▸ What to do
Transcribe exactly each line of the entries, from the opening line to the line with "forall A' E' : 'M[R]_(m, n), X = A' + E' ->", with both of those lines included.

▸ The data
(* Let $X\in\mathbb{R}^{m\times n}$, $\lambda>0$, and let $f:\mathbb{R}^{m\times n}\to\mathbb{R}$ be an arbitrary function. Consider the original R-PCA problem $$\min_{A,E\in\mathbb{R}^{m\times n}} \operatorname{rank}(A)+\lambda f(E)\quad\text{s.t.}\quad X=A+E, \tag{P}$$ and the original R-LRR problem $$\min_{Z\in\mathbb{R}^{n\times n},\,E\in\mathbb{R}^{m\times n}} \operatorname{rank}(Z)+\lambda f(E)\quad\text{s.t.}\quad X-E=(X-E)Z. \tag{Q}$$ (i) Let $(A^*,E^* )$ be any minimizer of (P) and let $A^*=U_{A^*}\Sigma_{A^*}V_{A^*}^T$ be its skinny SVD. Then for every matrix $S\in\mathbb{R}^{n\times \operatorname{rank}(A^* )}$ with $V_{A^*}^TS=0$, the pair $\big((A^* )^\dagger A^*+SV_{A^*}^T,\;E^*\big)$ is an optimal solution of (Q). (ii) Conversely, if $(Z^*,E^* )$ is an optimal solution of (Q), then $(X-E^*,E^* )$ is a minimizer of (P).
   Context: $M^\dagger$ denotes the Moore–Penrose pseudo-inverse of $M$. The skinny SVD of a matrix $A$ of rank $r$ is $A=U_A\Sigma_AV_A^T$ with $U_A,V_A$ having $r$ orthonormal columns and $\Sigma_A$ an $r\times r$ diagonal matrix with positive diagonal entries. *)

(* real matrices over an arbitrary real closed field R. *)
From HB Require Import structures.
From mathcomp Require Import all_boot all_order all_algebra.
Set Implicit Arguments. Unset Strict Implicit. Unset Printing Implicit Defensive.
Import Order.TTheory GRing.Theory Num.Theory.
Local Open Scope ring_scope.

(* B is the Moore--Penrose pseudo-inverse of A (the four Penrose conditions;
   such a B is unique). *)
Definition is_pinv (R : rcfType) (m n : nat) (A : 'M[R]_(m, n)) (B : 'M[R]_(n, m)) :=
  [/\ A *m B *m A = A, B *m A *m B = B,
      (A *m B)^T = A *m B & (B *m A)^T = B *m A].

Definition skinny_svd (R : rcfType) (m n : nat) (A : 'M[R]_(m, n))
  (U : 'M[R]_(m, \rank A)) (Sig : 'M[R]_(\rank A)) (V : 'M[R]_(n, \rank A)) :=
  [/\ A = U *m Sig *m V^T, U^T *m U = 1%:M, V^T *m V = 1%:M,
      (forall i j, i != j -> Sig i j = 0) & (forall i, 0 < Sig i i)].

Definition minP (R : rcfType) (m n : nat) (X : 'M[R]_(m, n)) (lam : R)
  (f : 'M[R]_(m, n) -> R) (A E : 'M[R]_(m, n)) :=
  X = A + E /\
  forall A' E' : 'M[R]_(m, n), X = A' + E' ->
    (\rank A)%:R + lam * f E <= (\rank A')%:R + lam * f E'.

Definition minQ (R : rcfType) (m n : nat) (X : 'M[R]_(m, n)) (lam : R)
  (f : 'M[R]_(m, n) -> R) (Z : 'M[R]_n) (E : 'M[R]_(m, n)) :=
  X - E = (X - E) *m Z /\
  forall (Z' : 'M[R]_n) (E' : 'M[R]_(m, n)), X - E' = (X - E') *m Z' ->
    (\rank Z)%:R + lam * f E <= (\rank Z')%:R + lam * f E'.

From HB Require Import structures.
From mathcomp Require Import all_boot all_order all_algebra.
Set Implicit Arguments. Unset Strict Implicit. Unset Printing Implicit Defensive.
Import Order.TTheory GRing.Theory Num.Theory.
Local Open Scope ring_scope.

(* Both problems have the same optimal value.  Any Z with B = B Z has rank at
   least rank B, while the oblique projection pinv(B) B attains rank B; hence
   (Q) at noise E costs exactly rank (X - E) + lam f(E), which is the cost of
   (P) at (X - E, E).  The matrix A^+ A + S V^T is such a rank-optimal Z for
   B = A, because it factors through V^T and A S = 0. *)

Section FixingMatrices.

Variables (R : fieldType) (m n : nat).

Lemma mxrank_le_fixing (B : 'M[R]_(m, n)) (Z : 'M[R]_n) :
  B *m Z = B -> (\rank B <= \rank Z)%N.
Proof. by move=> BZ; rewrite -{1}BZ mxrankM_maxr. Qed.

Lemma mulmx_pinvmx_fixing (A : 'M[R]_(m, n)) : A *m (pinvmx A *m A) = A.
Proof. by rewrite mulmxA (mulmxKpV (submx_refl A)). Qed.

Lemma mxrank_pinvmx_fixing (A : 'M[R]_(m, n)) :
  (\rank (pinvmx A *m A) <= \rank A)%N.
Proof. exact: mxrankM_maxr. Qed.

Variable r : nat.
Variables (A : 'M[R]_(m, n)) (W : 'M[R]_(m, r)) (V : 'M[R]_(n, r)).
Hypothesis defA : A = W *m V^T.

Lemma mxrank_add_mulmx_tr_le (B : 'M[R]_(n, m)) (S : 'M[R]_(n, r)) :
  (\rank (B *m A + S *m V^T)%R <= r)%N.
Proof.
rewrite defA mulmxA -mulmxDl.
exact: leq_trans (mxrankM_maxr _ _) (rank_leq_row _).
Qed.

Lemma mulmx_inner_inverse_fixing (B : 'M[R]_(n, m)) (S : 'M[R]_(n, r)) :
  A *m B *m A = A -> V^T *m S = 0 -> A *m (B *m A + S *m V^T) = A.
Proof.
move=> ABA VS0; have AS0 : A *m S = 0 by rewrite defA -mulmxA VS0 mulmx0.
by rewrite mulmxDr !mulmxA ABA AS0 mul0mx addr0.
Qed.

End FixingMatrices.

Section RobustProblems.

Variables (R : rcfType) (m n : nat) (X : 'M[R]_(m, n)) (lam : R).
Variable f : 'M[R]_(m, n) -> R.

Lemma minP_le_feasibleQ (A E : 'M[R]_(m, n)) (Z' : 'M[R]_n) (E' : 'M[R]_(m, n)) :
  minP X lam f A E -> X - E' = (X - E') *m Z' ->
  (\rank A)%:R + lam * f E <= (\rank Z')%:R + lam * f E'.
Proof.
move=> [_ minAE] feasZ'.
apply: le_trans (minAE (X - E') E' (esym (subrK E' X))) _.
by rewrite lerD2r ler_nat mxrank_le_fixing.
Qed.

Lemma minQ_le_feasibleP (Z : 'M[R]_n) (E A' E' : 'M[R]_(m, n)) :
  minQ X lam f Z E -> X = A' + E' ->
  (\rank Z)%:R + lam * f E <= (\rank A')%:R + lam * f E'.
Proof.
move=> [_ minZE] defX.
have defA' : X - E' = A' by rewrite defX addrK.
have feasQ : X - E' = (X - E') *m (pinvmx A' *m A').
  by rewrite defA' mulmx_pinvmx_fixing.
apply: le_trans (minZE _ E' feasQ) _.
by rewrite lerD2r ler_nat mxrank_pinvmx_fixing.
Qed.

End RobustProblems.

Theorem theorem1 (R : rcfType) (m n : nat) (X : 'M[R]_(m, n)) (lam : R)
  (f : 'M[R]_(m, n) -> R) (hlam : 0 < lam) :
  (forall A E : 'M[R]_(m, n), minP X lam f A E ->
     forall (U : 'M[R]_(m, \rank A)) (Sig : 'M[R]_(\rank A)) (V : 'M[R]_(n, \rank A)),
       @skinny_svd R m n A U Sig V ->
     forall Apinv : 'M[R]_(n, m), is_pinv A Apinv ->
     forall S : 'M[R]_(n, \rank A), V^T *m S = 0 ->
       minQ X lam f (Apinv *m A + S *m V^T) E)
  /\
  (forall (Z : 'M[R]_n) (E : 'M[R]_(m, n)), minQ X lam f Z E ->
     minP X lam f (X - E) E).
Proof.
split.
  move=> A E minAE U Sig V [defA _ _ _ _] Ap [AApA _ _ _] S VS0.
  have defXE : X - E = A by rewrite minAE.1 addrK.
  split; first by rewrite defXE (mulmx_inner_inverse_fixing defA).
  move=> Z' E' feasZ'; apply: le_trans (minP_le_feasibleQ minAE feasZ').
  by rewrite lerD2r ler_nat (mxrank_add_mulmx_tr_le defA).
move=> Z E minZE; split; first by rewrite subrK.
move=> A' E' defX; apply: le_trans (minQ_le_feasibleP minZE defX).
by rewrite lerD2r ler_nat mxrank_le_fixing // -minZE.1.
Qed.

▸ Reply
(* Let $X\in\mathbb{R}^{m\times n}$, $\lambda>0$, and let $f:\mathbb{R}^{m\times n}\to\mathbb{R}$ be an arbitrary function. Consider the original R-PCA problem $$\min_{A,E\in\mathbb{R}^{m\times n}} \operatorname{rank}(A)+\lambda f(E)\quad\text{s.t.}\quad X=A+E, \tag{P}$$ and the original R-LRR problem $$\min_{Z\in\mathbb{R}^{n\times n},\,E\in\mathbb{R}^{m\times n}} \operatorname{rank}(Z)+\lambda f(E)\quad\text{s.t.}\quad X-E=(X-E)Z. \tag{Q}$$ (i) Let $(A^*,E^* )$ be any minimizer of (P) and let $A^*=U_{A^*}\Sigma_{A^*}V_{A^*}^T$ be its skinny SVD. Then for every matrix $S\in\mathbb{R}^{n\times \operatorname{rank}(A^* )}$ with $V_{A^*}^TS=0$, the pair $\big((A^* )^\dagger A^*+SV_{A^*}^T,\;E^*\big)$ is an optimal solution of (Q). (ii) Conversely, if $(Z^*,E^* )$ is an optimal solution of (Q), then $(X-E^*,E^* )$ is a minimizer of (P).
   Context: $M^\dagger$ denotes the Moore–Penrose pseudo-inverse of $M$. The skinny SVD of a matrix $A$ of rank $r$ is $A=U_A\Sigma_AV_A^T$ with $U_A,V_A$ having $r$ orthonormal columns and $\Sigma_A$ an $r\times r$ diagonal matrix with positive diagonal entries. *)

(* real matrices over an arbitrary real closed field R. *)
From HB Require Import structures.
From mathcomp Require Import all_boot all_order all_algebra.
Set Implicit Arguments. Unset Strict Implicit. Unset Printing Implicit Defensive.
Import Order.TTheory GRing.Theory Num.Theory.
Local Open Scope ring_scope.

(* B is the Moore--Penrose pseudo-inverse of A (the four Penrose conditions;
   such a B is unique). *)
Definition is_pinv (R : rcfType) (m n : nat) (A : 'M[R]_(m, n)) (B : 'M[R]_(n, m)) :=
  [/\ A *m B *m A = A, B *m A *m B = B,
      (A *m B)^T = A *m B & (B *m A)^T = B *m A].

Definition skinny_svd (R : rcfType) (m n : nat) (A : 'M[R]_(m, n))
  (U : 'M[R]_(m, \rank A)) (Sig : 'M[R]_(\rank A)) (V : 'M[R]_(n, \rank A)) :=
  [/\ A = U *m Sig *m V^T, U^T *m U = 1%:M, V^T *m V = 1%:M,
      (forall i j, i != j -> Sig i j = 0) & (forall i, 0 < Sig i i)].

Definition minP (R : rcfType) (m n : nat) (X : 'M[R]_(m, n)) (lam : R)
  (f : 'M[R]_(m, n) -> R) (A E : 'M[R]_(m, n)) :=
  X = A + E /\
  forall A' E' : 'M[R]_(m, n), X = A' + E' ->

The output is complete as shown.